### What is expected
In the material below, find every line containing "forallP" and copy that line.

### Material to process
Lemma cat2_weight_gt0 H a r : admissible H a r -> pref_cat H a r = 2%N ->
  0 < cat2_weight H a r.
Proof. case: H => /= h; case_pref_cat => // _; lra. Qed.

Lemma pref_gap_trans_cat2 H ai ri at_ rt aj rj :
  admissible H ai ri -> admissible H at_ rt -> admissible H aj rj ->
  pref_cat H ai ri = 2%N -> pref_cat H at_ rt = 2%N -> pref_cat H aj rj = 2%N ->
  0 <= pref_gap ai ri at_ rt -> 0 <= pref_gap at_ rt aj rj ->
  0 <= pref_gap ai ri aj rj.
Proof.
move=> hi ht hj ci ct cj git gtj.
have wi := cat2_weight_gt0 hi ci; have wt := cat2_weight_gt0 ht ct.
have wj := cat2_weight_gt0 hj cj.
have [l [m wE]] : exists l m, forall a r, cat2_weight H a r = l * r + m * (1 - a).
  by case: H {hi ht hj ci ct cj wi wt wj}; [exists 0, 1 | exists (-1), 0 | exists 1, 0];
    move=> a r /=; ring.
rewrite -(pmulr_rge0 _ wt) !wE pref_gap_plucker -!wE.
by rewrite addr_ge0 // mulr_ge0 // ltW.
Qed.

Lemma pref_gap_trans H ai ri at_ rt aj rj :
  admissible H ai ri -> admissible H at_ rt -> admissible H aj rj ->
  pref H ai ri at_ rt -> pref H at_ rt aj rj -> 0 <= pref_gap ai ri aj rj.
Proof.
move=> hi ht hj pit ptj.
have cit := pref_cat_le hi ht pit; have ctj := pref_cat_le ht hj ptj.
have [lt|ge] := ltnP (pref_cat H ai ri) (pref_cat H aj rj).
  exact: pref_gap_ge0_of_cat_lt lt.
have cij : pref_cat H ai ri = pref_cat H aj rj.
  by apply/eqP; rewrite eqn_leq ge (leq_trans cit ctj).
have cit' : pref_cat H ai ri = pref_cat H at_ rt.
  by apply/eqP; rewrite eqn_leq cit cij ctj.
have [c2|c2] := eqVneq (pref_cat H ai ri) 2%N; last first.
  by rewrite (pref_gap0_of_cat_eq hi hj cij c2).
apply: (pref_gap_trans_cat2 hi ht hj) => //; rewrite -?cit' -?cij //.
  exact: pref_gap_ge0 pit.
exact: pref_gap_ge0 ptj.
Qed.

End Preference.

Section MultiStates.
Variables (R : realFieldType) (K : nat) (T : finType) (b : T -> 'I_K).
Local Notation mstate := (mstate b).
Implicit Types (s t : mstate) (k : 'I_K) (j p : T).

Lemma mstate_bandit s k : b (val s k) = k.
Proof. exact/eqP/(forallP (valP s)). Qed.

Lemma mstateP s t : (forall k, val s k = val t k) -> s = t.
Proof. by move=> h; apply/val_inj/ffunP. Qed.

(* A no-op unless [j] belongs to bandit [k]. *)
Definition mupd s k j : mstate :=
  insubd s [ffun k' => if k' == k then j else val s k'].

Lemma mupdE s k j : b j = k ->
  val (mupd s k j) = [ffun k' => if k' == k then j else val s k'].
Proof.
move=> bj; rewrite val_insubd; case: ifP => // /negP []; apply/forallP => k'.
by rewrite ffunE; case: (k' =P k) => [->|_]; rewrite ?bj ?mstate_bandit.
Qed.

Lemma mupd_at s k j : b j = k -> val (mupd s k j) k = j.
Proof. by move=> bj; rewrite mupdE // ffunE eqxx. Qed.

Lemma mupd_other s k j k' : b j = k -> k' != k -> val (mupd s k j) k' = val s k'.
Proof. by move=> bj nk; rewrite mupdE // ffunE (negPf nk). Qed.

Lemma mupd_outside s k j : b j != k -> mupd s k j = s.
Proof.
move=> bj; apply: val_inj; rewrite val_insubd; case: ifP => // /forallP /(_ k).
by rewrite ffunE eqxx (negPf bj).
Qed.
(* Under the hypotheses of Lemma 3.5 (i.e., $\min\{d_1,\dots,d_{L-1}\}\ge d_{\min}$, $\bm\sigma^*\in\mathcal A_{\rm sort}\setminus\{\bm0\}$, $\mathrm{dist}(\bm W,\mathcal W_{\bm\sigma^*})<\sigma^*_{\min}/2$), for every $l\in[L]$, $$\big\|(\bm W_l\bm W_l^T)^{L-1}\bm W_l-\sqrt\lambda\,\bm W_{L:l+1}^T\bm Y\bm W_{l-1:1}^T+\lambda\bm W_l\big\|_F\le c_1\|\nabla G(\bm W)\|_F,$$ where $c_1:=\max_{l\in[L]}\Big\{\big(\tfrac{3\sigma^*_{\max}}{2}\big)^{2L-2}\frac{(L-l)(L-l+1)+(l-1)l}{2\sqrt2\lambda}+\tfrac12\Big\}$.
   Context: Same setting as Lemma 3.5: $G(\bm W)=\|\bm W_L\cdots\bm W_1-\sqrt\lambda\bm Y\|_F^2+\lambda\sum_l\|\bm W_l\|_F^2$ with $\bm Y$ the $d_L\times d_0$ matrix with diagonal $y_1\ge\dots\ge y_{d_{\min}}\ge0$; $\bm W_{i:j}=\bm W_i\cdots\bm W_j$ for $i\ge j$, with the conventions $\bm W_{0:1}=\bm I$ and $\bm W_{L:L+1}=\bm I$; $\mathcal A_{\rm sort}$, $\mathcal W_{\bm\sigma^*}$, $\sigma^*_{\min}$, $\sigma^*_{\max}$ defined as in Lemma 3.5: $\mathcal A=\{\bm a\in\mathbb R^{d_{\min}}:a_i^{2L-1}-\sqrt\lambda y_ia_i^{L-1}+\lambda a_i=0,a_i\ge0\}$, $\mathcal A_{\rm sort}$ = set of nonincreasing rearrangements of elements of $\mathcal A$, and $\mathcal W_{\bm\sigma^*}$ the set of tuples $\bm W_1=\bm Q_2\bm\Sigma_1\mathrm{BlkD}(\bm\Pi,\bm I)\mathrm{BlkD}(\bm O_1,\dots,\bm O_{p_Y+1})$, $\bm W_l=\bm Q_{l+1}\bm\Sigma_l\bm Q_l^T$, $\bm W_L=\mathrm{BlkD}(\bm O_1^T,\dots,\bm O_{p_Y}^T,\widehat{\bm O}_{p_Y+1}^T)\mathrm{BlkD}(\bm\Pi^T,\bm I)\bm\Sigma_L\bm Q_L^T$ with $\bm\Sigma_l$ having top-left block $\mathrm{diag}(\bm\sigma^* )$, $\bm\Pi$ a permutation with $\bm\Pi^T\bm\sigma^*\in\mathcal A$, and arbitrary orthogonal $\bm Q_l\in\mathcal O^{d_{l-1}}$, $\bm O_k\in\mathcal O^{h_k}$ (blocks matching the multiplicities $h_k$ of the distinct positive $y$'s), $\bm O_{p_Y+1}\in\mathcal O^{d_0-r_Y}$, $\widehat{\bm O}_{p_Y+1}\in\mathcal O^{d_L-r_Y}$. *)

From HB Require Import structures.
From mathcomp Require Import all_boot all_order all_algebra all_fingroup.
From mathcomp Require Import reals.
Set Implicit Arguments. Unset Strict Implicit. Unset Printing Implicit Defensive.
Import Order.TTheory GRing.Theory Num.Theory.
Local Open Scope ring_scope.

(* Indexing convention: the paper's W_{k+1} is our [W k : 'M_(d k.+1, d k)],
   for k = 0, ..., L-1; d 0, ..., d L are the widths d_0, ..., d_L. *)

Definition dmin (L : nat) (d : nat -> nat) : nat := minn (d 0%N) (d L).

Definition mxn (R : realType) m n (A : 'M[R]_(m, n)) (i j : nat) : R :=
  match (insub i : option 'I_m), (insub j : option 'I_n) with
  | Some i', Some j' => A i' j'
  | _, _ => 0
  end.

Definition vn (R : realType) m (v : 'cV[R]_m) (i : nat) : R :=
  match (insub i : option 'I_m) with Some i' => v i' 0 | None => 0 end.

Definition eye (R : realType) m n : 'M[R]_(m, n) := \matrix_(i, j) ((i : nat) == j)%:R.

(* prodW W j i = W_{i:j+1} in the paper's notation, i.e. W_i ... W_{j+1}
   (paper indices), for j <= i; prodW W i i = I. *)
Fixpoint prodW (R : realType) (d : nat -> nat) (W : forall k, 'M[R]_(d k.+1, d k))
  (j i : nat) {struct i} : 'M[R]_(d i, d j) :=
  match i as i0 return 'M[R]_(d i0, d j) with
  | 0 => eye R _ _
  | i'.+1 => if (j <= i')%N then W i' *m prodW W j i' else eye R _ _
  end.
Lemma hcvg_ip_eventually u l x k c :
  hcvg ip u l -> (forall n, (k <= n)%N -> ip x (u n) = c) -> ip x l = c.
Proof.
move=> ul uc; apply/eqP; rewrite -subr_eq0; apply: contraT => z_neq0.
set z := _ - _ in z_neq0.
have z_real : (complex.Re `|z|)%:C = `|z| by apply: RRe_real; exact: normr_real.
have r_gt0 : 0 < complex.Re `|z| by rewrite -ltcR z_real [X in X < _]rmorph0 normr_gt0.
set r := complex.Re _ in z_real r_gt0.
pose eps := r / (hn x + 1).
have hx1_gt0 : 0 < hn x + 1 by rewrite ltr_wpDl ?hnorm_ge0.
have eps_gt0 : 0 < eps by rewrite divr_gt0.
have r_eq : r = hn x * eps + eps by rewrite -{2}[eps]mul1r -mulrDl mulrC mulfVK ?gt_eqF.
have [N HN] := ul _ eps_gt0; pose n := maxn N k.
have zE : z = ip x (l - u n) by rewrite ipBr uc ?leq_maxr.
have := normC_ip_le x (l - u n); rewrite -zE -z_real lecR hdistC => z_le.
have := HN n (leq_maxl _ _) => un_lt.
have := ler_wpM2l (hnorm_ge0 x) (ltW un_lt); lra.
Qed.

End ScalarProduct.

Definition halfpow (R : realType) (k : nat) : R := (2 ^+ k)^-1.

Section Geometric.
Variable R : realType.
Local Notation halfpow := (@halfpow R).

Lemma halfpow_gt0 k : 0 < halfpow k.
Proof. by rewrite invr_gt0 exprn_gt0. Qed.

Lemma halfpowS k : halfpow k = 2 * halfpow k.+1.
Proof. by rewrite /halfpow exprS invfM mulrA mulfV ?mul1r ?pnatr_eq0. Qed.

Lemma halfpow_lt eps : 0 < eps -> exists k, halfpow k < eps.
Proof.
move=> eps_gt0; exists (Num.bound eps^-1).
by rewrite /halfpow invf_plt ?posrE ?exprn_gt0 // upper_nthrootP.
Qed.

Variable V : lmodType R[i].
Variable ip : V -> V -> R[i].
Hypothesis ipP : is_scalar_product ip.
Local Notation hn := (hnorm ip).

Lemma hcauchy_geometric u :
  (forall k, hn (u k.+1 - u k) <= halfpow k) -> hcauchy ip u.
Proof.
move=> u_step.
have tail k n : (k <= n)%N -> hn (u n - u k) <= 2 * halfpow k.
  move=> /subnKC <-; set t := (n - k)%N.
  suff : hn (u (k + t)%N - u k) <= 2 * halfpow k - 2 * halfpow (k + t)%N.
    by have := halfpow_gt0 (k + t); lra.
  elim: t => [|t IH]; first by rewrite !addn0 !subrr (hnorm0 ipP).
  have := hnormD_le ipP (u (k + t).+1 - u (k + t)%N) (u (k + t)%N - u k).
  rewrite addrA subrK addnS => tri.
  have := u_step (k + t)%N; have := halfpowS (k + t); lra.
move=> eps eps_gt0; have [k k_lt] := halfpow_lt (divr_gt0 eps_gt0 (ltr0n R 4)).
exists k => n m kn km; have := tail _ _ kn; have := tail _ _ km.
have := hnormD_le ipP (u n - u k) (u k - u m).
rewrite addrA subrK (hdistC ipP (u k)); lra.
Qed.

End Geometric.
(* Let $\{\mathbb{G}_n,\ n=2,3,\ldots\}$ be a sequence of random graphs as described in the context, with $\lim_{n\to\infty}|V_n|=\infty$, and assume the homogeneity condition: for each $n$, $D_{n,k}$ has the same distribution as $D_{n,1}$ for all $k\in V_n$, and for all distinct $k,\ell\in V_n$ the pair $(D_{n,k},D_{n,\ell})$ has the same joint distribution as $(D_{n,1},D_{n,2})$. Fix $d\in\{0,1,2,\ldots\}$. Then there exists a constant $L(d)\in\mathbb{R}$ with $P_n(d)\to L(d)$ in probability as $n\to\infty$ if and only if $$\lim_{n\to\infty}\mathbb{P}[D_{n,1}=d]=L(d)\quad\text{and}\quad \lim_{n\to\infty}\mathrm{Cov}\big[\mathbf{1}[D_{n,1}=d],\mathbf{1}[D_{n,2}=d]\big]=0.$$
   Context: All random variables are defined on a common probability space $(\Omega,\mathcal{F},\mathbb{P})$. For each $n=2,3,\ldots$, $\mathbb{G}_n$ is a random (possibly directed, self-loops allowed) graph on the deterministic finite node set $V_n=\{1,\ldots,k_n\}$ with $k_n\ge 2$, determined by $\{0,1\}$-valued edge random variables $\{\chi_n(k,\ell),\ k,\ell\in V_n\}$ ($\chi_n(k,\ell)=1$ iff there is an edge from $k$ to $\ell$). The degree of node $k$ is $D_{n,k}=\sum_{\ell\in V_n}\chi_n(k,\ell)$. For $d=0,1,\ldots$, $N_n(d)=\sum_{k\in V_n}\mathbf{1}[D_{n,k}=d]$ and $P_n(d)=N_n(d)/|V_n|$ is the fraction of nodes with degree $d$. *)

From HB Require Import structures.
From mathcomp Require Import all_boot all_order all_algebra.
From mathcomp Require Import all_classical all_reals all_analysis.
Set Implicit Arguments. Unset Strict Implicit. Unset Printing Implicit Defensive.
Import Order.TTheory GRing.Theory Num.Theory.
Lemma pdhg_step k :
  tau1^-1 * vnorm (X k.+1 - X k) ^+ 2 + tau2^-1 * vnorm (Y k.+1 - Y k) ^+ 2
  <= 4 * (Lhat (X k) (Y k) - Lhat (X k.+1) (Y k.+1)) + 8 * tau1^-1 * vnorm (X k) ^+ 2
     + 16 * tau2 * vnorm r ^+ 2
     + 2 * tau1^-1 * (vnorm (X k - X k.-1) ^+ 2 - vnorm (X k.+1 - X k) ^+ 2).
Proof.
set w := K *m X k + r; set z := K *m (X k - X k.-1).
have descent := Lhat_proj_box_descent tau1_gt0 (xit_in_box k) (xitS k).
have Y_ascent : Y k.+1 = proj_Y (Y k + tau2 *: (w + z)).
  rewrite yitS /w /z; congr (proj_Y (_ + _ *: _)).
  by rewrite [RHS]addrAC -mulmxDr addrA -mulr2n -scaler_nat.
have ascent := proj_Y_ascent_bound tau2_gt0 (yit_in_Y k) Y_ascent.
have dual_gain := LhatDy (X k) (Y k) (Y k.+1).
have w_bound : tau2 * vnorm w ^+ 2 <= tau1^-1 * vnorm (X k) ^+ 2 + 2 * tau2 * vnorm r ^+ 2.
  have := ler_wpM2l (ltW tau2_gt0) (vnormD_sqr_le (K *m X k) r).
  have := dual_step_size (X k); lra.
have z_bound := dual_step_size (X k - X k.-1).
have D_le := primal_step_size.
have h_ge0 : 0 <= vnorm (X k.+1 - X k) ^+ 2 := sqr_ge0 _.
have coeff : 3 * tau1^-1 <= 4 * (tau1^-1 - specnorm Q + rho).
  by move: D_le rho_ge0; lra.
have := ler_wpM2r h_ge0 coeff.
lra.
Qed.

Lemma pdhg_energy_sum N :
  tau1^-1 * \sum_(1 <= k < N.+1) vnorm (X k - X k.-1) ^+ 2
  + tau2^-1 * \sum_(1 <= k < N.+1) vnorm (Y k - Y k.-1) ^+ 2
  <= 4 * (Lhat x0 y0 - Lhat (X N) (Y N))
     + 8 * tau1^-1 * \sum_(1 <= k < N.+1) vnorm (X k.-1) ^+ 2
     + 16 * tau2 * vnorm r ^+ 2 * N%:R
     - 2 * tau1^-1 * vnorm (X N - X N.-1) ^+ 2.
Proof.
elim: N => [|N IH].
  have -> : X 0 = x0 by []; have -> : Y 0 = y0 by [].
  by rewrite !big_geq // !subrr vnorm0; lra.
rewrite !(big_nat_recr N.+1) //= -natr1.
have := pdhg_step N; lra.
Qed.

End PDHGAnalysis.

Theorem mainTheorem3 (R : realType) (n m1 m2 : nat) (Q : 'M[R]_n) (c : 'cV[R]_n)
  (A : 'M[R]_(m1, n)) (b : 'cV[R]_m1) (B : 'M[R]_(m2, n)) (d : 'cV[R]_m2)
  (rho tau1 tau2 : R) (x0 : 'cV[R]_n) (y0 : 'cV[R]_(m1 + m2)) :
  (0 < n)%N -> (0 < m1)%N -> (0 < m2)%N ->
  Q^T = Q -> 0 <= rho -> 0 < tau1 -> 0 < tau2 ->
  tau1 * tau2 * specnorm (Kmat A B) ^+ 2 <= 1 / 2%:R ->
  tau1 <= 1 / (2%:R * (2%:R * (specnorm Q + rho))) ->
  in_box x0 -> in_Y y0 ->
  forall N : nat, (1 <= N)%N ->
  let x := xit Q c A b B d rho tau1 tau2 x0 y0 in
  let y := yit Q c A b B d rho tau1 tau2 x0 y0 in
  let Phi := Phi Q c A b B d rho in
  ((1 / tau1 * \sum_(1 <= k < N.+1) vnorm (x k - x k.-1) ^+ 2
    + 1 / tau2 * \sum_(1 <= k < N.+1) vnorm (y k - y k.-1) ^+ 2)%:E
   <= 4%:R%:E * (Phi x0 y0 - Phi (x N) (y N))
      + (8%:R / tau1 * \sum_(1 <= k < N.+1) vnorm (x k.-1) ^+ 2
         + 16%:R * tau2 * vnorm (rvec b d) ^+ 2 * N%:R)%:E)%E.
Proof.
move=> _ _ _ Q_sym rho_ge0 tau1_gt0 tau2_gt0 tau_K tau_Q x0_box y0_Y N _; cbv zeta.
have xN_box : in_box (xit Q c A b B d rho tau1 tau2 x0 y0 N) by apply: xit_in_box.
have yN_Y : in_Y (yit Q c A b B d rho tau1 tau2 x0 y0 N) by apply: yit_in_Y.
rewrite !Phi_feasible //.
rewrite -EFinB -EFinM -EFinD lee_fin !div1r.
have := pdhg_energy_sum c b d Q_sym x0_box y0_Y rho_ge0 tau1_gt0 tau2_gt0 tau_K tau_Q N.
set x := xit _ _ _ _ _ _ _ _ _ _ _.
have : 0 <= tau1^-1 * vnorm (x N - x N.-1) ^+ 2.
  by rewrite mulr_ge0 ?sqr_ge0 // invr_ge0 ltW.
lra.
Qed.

### Answer to the exercise
Proof. exact/eqP/(forallP (valP s)). Qed.
move=> bj; rewrite val_insubd; case: ifP => // /negP []; apply/forallP => k'.
move=> bj; apply: val_inj; rewrite val_insubd; case: ifP => // /forallP /(_ k).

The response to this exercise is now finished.